WHAT YOU SHOULD DO: Give again, word for word, every line below from the one that has "(* Objects of" through the one that has "Definition mcod (m", both included, and no others.

EXERCISE DATA:
_ _ _

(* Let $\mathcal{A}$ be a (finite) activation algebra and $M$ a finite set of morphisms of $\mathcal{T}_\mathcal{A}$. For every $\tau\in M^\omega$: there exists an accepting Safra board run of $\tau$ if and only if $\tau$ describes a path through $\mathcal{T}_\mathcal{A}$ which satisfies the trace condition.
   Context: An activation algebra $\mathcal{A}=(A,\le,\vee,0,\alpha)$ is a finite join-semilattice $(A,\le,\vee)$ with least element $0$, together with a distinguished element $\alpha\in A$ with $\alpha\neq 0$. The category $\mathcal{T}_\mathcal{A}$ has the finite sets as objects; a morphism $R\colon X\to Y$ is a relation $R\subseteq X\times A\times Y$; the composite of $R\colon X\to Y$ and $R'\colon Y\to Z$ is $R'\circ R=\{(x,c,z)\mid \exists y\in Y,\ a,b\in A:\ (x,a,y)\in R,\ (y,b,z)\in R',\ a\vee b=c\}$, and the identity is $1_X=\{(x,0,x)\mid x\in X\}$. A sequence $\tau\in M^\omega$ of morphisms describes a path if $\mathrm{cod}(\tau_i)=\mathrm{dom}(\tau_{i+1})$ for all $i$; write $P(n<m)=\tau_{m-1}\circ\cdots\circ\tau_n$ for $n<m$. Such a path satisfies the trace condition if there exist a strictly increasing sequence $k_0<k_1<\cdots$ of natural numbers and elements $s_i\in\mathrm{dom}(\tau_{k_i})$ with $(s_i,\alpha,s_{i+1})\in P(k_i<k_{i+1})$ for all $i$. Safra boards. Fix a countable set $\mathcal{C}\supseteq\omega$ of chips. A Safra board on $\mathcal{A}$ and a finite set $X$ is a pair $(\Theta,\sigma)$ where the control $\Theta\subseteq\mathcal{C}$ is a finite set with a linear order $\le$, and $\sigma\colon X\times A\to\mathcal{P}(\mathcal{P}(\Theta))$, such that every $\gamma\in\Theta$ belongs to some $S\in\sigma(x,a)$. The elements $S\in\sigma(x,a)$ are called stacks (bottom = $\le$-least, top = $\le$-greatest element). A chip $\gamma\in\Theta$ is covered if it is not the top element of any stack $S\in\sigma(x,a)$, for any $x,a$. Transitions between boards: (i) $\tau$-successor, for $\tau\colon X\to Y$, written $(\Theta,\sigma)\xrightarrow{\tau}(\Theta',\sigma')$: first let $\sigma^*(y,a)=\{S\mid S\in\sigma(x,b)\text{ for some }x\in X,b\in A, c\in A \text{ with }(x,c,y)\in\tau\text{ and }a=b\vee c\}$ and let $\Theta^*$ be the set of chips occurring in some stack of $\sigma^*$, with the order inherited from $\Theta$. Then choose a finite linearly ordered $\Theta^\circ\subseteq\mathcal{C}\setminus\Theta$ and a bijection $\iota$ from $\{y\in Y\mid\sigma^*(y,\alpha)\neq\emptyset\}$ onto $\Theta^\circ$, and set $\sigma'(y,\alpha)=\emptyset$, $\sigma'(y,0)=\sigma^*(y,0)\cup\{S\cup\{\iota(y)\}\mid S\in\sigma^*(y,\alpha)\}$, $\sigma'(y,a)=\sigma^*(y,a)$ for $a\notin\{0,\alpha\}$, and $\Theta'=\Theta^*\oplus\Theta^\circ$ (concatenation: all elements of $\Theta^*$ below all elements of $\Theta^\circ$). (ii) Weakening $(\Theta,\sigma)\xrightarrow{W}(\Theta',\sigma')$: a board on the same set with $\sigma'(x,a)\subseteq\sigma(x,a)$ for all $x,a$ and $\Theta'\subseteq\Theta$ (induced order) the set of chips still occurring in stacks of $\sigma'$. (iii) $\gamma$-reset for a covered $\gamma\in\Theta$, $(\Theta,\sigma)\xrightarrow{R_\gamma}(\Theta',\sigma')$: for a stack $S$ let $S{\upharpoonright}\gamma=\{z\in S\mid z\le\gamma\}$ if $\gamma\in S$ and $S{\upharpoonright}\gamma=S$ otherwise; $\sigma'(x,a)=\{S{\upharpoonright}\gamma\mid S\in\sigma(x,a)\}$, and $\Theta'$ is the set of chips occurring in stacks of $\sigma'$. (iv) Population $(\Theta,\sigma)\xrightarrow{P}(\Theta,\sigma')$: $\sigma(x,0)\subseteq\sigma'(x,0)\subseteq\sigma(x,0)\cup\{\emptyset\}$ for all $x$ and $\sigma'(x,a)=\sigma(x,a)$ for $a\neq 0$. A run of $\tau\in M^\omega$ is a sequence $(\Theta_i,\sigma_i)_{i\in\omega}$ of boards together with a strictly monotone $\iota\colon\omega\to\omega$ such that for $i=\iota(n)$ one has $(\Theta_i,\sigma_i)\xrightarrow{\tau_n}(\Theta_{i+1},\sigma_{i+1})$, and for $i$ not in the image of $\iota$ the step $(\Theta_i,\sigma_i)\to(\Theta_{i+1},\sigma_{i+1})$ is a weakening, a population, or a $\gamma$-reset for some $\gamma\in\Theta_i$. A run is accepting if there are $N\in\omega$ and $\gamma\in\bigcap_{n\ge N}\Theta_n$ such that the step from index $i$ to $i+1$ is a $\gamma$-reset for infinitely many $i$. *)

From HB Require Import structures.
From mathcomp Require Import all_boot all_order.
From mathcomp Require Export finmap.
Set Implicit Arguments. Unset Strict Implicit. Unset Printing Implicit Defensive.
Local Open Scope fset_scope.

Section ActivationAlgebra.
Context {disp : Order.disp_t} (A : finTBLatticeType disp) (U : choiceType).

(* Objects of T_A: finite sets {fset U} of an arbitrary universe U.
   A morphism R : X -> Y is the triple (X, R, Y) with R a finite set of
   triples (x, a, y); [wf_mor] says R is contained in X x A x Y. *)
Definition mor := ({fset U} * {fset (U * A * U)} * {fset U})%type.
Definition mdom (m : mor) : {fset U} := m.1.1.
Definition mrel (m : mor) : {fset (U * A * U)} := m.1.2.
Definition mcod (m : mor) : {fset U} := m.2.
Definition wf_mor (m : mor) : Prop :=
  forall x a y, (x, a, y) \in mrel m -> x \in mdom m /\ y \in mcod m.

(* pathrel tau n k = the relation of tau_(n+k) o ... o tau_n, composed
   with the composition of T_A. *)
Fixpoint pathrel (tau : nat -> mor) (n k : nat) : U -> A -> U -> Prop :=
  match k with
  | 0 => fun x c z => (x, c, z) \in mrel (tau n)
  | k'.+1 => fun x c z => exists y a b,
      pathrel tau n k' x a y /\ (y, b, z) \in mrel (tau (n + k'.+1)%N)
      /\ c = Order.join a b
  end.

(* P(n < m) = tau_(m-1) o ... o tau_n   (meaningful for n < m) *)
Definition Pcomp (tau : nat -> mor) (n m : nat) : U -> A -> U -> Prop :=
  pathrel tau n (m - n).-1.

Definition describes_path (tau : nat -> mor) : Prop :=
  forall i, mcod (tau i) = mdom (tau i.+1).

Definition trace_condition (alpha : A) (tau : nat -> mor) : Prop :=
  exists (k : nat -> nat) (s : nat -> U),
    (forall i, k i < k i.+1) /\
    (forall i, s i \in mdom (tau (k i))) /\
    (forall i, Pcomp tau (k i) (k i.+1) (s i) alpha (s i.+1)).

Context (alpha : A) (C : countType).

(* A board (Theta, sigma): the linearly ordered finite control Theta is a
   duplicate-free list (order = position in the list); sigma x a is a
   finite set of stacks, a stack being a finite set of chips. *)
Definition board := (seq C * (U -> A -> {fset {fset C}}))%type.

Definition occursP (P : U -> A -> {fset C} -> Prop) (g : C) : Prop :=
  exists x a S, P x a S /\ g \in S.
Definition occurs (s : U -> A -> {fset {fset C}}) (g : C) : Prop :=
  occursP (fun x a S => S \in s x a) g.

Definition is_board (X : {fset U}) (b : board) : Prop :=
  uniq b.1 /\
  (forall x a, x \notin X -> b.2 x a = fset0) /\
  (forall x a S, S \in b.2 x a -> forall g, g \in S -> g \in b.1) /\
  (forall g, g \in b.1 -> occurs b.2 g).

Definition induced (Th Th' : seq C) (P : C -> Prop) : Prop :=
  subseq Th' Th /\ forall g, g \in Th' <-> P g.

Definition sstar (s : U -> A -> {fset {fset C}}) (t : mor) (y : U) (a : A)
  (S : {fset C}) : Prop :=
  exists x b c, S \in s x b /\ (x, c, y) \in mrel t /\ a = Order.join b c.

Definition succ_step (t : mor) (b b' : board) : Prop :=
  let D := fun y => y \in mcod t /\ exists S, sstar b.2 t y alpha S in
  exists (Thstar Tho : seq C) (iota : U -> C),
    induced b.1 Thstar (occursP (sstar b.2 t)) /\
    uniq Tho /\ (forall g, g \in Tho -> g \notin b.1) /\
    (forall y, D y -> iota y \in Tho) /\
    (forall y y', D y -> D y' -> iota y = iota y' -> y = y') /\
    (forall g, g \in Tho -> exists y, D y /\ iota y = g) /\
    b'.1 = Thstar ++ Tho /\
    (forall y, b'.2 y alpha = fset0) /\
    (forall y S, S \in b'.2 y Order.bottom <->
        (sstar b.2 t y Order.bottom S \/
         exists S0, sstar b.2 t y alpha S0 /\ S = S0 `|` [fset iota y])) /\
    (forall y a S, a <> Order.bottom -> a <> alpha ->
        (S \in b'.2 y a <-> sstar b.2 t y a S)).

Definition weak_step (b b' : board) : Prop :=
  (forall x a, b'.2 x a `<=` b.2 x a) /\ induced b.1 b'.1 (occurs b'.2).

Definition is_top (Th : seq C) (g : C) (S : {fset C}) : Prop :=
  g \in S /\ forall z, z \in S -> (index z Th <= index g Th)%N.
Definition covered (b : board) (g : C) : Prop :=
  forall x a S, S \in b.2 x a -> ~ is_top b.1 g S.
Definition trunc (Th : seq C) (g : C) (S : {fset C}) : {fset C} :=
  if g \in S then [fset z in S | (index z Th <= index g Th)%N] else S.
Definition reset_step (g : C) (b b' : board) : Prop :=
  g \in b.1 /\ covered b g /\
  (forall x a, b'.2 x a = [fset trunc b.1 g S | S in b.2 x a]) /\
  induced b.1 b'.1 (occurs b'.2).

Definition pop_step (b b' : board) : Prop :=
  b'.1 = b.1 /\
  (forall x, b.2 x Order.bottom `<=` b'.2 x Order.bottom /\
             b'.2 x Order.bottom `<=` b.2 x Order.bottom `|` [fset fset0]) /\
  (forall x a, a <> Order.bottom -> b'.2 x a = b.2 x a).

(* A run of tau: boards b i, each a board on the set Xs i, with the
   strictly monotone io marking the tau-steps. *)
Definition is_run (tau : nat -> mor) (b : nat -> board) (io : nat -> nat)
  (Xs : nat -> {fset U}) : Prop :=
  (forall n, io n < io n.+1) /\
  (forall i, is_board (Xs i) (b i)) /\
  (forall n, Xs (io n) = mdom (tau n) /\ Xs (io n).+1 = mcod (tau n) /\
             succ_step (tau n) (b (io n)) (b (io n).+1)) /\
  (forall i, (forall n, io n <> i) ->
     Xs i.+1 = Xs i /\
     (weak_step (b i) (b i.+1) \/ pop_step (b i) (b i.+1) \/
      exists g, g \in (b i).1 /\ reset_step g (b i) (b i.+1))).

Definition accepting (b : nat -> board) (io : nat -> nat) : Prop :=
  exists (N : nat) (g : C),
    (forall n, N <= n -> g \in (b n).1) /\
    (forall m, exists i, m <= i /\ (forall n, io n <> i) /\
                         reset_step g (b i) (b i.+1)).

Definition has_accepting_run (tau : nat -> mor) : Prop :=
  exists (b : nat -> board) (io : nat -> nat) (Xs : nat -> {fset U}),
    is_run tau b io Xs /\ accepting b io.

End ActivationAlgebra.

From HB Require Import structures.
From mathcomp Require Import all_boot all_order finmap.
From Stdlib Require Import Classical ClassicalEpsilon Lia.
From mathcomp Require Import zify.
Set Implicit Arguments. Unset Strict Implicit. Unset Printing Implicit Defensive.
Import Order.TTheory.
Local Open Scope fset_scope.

_ _ _

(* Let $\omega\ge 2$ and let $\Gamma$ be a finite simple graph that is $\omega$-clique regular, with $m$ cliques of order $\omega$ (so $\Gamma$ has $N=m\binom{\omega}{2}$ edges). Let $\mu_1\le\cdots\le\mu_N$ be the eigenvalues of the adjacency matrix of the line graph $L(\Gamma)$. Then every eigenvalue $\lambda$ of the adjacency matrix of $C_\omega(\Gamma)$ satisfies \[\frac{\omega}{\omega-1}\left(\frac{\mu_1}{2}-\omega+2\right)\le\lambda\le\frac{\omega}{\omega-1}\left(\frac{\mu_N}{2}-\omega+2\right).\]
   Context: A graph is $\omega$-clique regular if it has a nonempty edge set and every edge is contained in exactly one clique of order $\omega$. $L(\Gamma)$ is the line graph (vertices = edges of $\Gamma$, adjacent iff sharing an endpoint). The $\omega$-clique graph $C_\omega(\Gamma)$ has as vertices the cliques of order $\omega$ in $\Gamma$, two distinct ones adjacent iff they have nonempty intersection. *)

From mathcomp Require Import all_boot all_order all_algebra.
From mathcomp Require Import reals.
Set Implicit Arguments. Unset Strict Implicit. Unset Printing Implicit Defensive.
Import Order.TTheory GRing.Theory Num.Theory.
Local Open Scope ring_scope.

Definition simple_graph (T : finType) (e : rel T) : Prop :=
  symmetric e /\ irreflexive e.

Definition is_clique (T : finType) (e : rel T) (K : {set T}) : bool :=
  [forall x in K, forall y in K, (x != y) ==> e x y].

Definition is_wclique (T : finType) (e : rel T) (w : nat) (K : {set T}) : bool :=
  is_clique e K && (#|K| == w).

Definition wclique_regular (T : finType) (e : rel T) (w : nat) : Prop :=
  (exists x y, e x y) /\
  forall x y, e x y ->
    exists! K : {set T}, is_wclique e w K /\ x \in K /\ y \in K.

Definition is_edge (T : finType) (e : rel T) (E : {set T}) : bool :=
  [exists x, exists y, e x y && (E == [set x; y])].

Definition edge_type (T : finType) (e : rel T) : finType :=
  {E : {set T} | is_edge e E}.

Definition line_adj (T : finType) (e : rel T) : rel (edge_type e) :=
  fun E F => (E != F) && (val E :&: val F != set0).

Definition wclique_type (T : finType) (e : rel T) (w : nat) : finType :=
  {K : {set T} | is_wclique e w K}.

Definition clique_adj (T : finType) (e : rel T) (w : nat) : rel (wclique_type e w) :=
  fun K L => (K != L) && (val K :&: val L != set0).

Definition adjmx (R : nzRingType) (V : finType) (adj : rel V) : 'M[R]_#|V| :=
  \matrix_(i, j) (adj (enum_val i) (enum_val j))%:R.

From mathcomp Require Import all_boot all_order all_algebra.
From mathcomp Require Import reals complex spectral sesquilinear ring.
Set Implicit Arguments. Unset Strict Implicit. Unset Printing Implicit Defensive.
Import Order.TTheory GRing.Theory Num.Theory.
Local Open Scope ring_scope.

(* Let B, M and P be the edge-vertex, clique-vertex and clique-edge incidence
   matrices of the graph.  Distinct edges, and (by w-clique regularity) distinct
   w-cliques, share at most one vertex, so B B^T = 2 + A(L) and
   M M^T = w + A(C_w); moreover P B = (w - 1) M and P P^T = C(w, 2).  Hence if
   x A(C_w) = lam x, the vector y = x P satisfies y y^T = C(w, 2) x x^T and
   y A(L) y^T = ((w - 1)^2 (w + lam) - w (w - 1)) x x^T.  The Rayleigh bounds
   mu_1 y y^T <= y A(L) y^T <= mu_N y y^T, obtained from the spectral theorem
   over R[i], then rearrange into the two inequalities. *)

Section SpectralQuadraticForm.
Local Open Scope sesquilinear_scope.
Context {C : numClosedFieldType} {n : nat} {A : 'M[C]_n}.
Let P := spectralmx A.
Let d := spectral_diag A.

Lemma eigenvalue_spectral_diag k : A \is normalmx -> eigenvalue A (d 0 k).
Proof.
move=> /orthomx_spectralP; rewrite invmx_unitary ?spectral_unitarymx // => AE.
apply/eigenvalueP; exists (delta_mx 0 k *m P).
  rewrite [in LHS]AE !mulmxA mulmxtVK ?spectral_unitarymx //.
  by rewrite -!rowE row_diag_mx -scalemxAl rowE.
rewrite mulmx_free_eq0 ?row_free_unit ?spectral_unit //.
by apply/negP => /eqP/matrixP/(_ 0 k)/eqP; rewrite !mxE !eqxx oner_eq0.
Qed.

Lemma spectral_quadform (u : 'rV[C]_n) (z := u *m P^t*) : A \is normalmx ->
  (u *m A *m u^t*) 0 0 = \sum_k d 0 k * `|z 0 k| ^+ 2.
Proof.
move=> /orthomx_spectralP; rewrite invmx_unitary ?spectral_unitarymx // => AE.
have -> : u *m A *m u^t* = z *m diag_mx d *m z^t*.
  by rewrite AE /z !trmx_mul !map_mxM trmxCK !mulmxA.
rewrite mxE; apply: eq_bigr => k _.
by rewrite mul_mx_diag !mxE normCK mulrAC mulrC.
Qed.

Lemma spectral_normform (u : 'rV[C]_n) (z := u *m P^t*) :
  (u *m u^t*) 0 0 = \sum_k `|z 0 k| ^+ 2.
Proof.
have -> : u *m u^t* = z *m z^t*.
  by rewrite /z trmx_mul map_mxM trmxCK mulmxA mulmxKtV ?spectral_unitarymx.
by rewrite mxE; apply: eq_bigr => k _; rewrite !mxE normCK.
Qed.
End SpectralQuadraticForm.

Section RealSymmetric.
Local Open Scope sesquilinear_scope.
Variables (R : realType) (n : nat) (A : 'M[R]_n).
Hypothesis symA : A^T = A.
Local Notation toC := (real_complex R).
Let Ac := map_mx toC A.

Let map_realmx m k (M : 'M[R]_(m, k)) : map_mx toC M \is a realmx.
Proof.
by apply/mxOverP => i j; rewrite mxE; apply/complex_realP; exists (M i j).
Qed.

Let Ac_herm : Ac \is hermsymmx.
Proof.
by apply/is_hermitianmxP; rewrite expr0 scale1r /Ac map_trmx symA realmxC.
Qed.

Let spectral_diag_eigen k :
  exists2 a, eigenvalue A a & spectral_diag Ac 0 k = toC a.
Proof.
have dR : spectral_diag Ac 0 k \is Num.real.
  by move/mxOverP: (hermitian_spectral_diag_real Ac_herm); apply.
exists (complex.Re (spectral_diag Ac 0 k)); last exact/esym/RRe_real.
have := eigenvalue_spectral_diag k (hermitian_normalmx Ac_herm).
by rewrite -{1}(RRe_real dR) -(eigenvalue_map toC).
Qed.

_ _ _

EXPECTED ANSWER:
(* Objects of T_A: finite sets {fset U} of an arbitrary universe U.
   A morphism R : X -> Y is the triple (X, R, Y) with R a finite set of
   triples (x, a, y); [wf_mor] says R is contained in X x A x Y. *)
Definition mor := ({fset U} * {fset (U * A * U)} * {fset U})%type.
Definition mdom (m : mor) : {fset U} := m.1.1.
Definition mrel (m : mor) : {fset (U * A * U)} := m.1.2.
Definition mcod (m : mor) : {fset U} := m.2.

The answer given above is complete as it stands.